SIR HOWARD. I am really very sorry that my sister-in-law has taken so serious a liberty, Captain Kearney. It is a mania of hers—simply a mania. Why did your men pay any attention to her?

KEARNEY (with gravely dissembled humor). Well, I ahsked that question too. I said, Why did you obey that lady's orders instead of waiting for mine? They said they didn't see exactly how they could refuse. I ahsked whether they cawnsidered that discipline. They said, Well, sir, will you talk to the lady yourself next time?

LADY CICELY. I'm so sorry. But you know, Captain, the one thing that one misses on board a man-of-war is a woman.

KEARNEY. We often feel that deprivation verry keenly, Lady Waynflete.

LADY CICELY. My uncle is first Lord of the Admiralty; and I am always telling him what a scandal it is that an English captain should be forbidden to take his wife on board to look after the ship.

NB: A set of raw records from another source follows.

Lemma reroute_facet T n a : meets_all_cuts T -> T = [set e in search_word T] ->
  tail a \in reached (search T n) -> head a \notin reached (search T n) ->
  facet (SR_face head tail q) (~: reroute T a).
Proof.
move=> cutsT defT ta ha.
have /andP[qw uw] : (q \notin map head (search_word T)) && uniq (map head (search_word T)).
  by rewrite -cons_uniq search_heads_uniq.
have head_inj : {in T &, injective head}.
  by move=> e1 e2; rewrite defT !inE => e1w e2w; exact: (uniq_map_inj_in uw e1w e2w).
apply: tree_facet; first exact: reroute_meets_all_cuts ta ha.
- move=> e; rewrite !inE => /predU1P[->|/andP[eT _]].
    by apply: contraNneq ha => ->; rewrite !inE eqxx.
  by apply: contraNneq qw => <-; apply: map_f; move: eT; rewrite {1}defT inE.
- move=> e1 e2; rewrite !inE => /predU1P[->|/andP[e1T h1]] /predU1P[->|/andP[e2T h2]] //.
  + by move=> hh; move: h2; rewrite -hh eqxx.
  + by move=> hh; move: h1; rewrite hh eqxx.
  + exact: head_inj.
Qed.

Definition tree_key T : seqlexi nat := map arc_rank (search_word T).

Lemma tree_key_inj F G : facet (SR_face head tail q) F -> facet (SR_face head tail q) G ->
  tree_key (~: F) = tree_key (~: G) -> F = G.
Proof.
move=> fF fG /(inj_map arc_rank_inj) eq_w; apply: setC_inj.
by rewrite (facet_search_word fF) (facet_search_word fG) eq_w.
Qed.

Lemma reroute_tree_key_lt Ti Tj n a b :
  search Ti n = search Tj n ->
  first_leaving Ti (reached (search Tj n)) = Some a ->
  first_leaving Tj (reached (search Tj n)) = Some b ->
  arc_rank a < arc_rank b -> (tree_key (reroute Tj a) < tree_key Tj)%O.
Proof.
move=> eq_n fl_i fl_j lt_ab; set w := search Tj n; set T' := reroute Tj a.
have [/and3P[aTi ta ha] _] := first_leaving_Some fl_i.
have [sz_w step_j] := search_step fl_j.
have eqT' : search T' n = w.
  apply: search_sub_union eq_n sz_w _ _.
  - move=> e ew; have /andP[eT _] := search_sub ew.
    rewrite !inE eT /=; apply/orP; right; apply: contraNneq ha => <-.
    by rewrite inE in_cons map_f ?orbT.
  - by apply/subsetP => e; rewrite !inE => /predU1P[->|/andP[eT _]]; rewrite ?aTi ?eT ?orbT.
have la : leaving T' (reached w) a by rewrite /leaving setU11 ta ha.
case fl_T': (first_leaving T' (reached w)) => [e'|]; last first.
  by move: (first_leaving_None fl_T' a); rewrite la.
have [_ min_e'] := first_leaving_Some fl_T'.
rewrite -eqT' in fl_T'; have [_ step'] := search_step fl_T'; rewrite eqT' in step'.
have le_n : n.+1 <= #|V| by rewrite -sz_w; exact: search_size_lt.
apply: (ltxi_prefix_rcons (w := map arc_rank w) (x := arc_rank e') (y := arc_rank b)).
- exact: leq_ltn_trans (min_e' a la) lt_ab.
- by rewrite -map_rcons -step'; apply: prefix_map; exact: search_prefix.
- by rewrite -map_rcons -step_j; apply: prefix_map; exact: search_prefix.
Qed.

Lemma facet_exchange F G : facet (SR_face head tail q) F -> facet (SR_face head tail q) G ->
  (tree_key (~: F) < tree_key (~: G))%O ->
  exists H x, [/\ facet (SR_face head tail q) H, (tree_key (~: H) < tree_key (~: G))%O,
                  x \in G, F :&: G \subset G :\ x & H :&: G = G :\ x].
Proof.
move=> fF fG /(ltxi_first_diff 0) [p []].
rewrite -!map_take !size_map => /(inj_map arc_rank_inj) eq_take lt_pG.
have cutsF : meets_all_cuts (~: F) by apply/SR_faceE; case/andP: fF.
have cutsG : meets_all_cuts (~: G) by apply/SR_faceE; case/andP: fG.
case=> [p_sz|[lt_pF]].
  (* arborescence words all have length #|V| - 1, so neither is a proper prefix *)
  have := search_word_size cutsF; rewrite -(search_word_size cutsG) => -[sz_eq].
  by move: lt_pG; rewrite -sz_eq -p_sz ltnn.
have e0 : E by case: (search_word (~: G)) lt_pG.
rewrite !(nth_map e0) // => lt_ab.
set a := nth e0 (search_word (~: F)) p; set b := nth e0 (search_word (~: G)) p.
have {}lt_ab : arc_rank a < arc_rank b by exact: lt_ab.
have take_F := search_take (ltnW lt_pF); have take_G := search_take (ltnW lt_pG).
have eq_p : search (~: F) p = search (~: G) p by rewrite take_F take_G.
have fl_F : first_leaving (~: F) (reached (search (~: G) p)) = Some a.
  by rewrite -eq_p take_F; exact: search_nth.
have fl_G : first_leaving (~: G) (reached (search (~: G) p)) = Some b.
  by rewrite take_G; exact: search_nth.
have [/and3P[aF ta ha] _] := first_leaving_Some fl_F.
have [_ min_b] := first_leaving_Some fl_G.
have aG : a \in G.
  rewrite -[G]setCK inE; apply/negP => aG'.
  by have := min_b a; rewrite /leaving aG' ta ha leqNgt lt_ab => /(_ isT).
exists (~: reroute (~: G) a), a; split=> //.
- exact: reroute_facet cutsG (facet_search_word fG) ta ha.
- by rewrite setCK; exact: reroute_tree_key_lt eq_p fl_F fl_G lt_ab.
- apply/subsetP => e /setIP[eF eG]; rewrite !inE eG andbT.
  by apply: contraTneq aF => <-; rewrite inE negbK.
- by apply/setP => e; rewrite !inE; case: (e == a); case: (e \in G); rewrite ?andbF.
Qed.

End GreedySearch.

Theorem mainTheorem6 (V E : finType) (head tail : E -> V) (q : V)
  (no_loops : forall e : E, head e != tail e)
  (reach : all_reachable_from head tail q) :
  shellable (SR_face head tail q).
Proof.
apply: (shellable_by_key (key := fun F => tree_key head tail q (~: F))).
- exact: tree_key_inj.
- exact: facet_exchange.
Qed.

KEARNEY. Stranger still, Lady Waynflete, he is not forbidden to take any other lady. Yours is an extraordinairy country—to an Amerrican.

LADY CICELY. But it's most serious, Captain. The poor men go melancholy mad, and ram each other's ships and do all sorts of things.

SIR HOWARD. Cicely: I beg you will not talk nonsense to Captain Kearney. Your ideas on some subjects are really hardly decorous.

LADY CICELY (to Kearney). That's what English people are like, Captain Kearney. They won't hear of anything concerning you poor sailors except Nelson and Trafalgar. YOU understand me, don't you?

KEARNEY (gallantly). I cawnsider that you have more sense in your wedding ring finger than the British Ahdmiralty has in its whole cawnstitootion, Lady Waynflete.